Q: I am writing an article about Thornton Wilder’s novel The Bridge of San Luis Rey, for the Peruvian magazine Caretas and need some information I can’t get here in Peru. I hope you can help me. I want to know if the novel alludes to a particular historical event, if Mr. Wilder was inspired chiefly by historical fact, and if he had ever visited Peru.

A: Here, to the best of my knowledge, is the information you have asked for, about the historical accuracy of the bridge’s collapse, the influences on the novel, and Wilder’s personal experience with Peru.

The Bridge: Apparently there was such a bridge in Peru that did, at one point, break. I found reference to a bridge being built across the Apurimac River in Peru about 1350; in the novel Wilder cites 1714 as the year of its collapse.
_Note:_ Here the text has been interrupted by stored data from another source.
(* Let $h>s>0$, $w_1,w_2>0$ and $t\in[0,w_2)$. Let $P_1$ be the flat surface with boundary obtained from the rectangle $[0,w_1]\times[0,h]$ by gluing $(x,h)\sim(x,0)$ for $x\in[0,w_1]$ and $(0,y)\sim(w_1,y)$ for $y\in[s,h]$, the segments $\{0\}\times[0,s]$ and $\{w_1\}\times[0,s]$ being left unglued (they form the slit). Let $P_2$ be obtained from $[0,w_2]\times[0,h]$ by gluing $(x,h)\sim(x+t \bmod w_2,\,0)$ for $x\in[0,w_2]$ and $(0,y)\sim(w_2,y)$ for $y\in[s,h]$, with $\{0\}\times[0,s]$ and $\{w_2\}\times[0,s]$ unglued. Suppose $\mathrm{Area}(P_1)\ge\mathrm{Area}(P_2)$, and that for every cylinder $L_1$ on $P_1$ there is a cylinder $L_2$ on $P_2$ of the same slope with $\frac{\mathrm{Area}(L_1)}{\mathrm{Area}(P_1)}=\frac{\mathrm{Area}(L_2)}{\mathrm{Area}(P_2)}$. Then $P_2$ is isometric to $P_1$.
   Context: A cylinder on $P_i$ is a maximal open subset of the interior of $P_i$ isometric (by a translation-structure-preserving isometry) to a Euclidean cylinder $(\mathbb{R}/c\mathbb{Z})\times(0,\eta)$; its slope is the direction of its core curves. *)

From HB Require Import structures.
From mathcomp Require Import all_boot all_order all_algebra.
From mathcomp Require Import boolp classical_sets reals.
Set Implicit Arguments. Unset Strict Implicit. Unset Printing Implicit Defensive.
Import Order.TTheory GRing.Theory Num.Theory.
Local Open Scope ring_scope.
Local Open Scope classical_set_scope.

(* Slit surface P(w,h,s,t): the rectangle [0,w]x[0,h] with (x,h) ~ (x+t mod w, 0)
   and (0,y) ~ (w,y) for y in [s,h], the two sides {0}x[0,s], {w}x[0,s] unglued.
   These identifications are exactly the translations by the lattice
   Lambda = Z(w,0) + Z(t,h) on the boundary of the fundamental domain
   [0,w]x[0,h], so the interior of P is the flat torus R^2/Lambda minus the
   (closed) slit segment {0}x[0,s].  Points of the interior of P are
   represented by their lifts in R^2 (points that are [allowed]), two lifts
   representing the same point iff they are [equiv]. *)

Section SlitSurface.
Variable R : realType.
Implicit Types (w h s t : R) (p q : R * R).

Definition lattice w h t p : Prop :=
  exists m n : int, p.1 = m%:~R * w + n%:~R * t /\ p.2 = n%:~R * h.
The Sources: The Bridge of San Luis Rey was influenced by a variety of sources: a passage from the Gospel of Luke (13:4), which mentions the fall of a tower that killed 18 people; a one-act play , by French author Prosper Merimee, entitled “Le Carosse du Saint Sacrement” and set in South America; and the life and works of the French writer, Mme. de Sevigne, who was the model for the Marquesa. And there were still others; Wilder was a great synthesizer of ideas, in both his novels and his plays.

Peru: Wilder had not been to Peru before he wrote the novel. In fact, he did not visit Peru until 1941 when he participated in a cultural mission to South America sponsored by the State Department. His experiences on the 1941 tour inspired parts of his 1967 novel, The Eighth Day.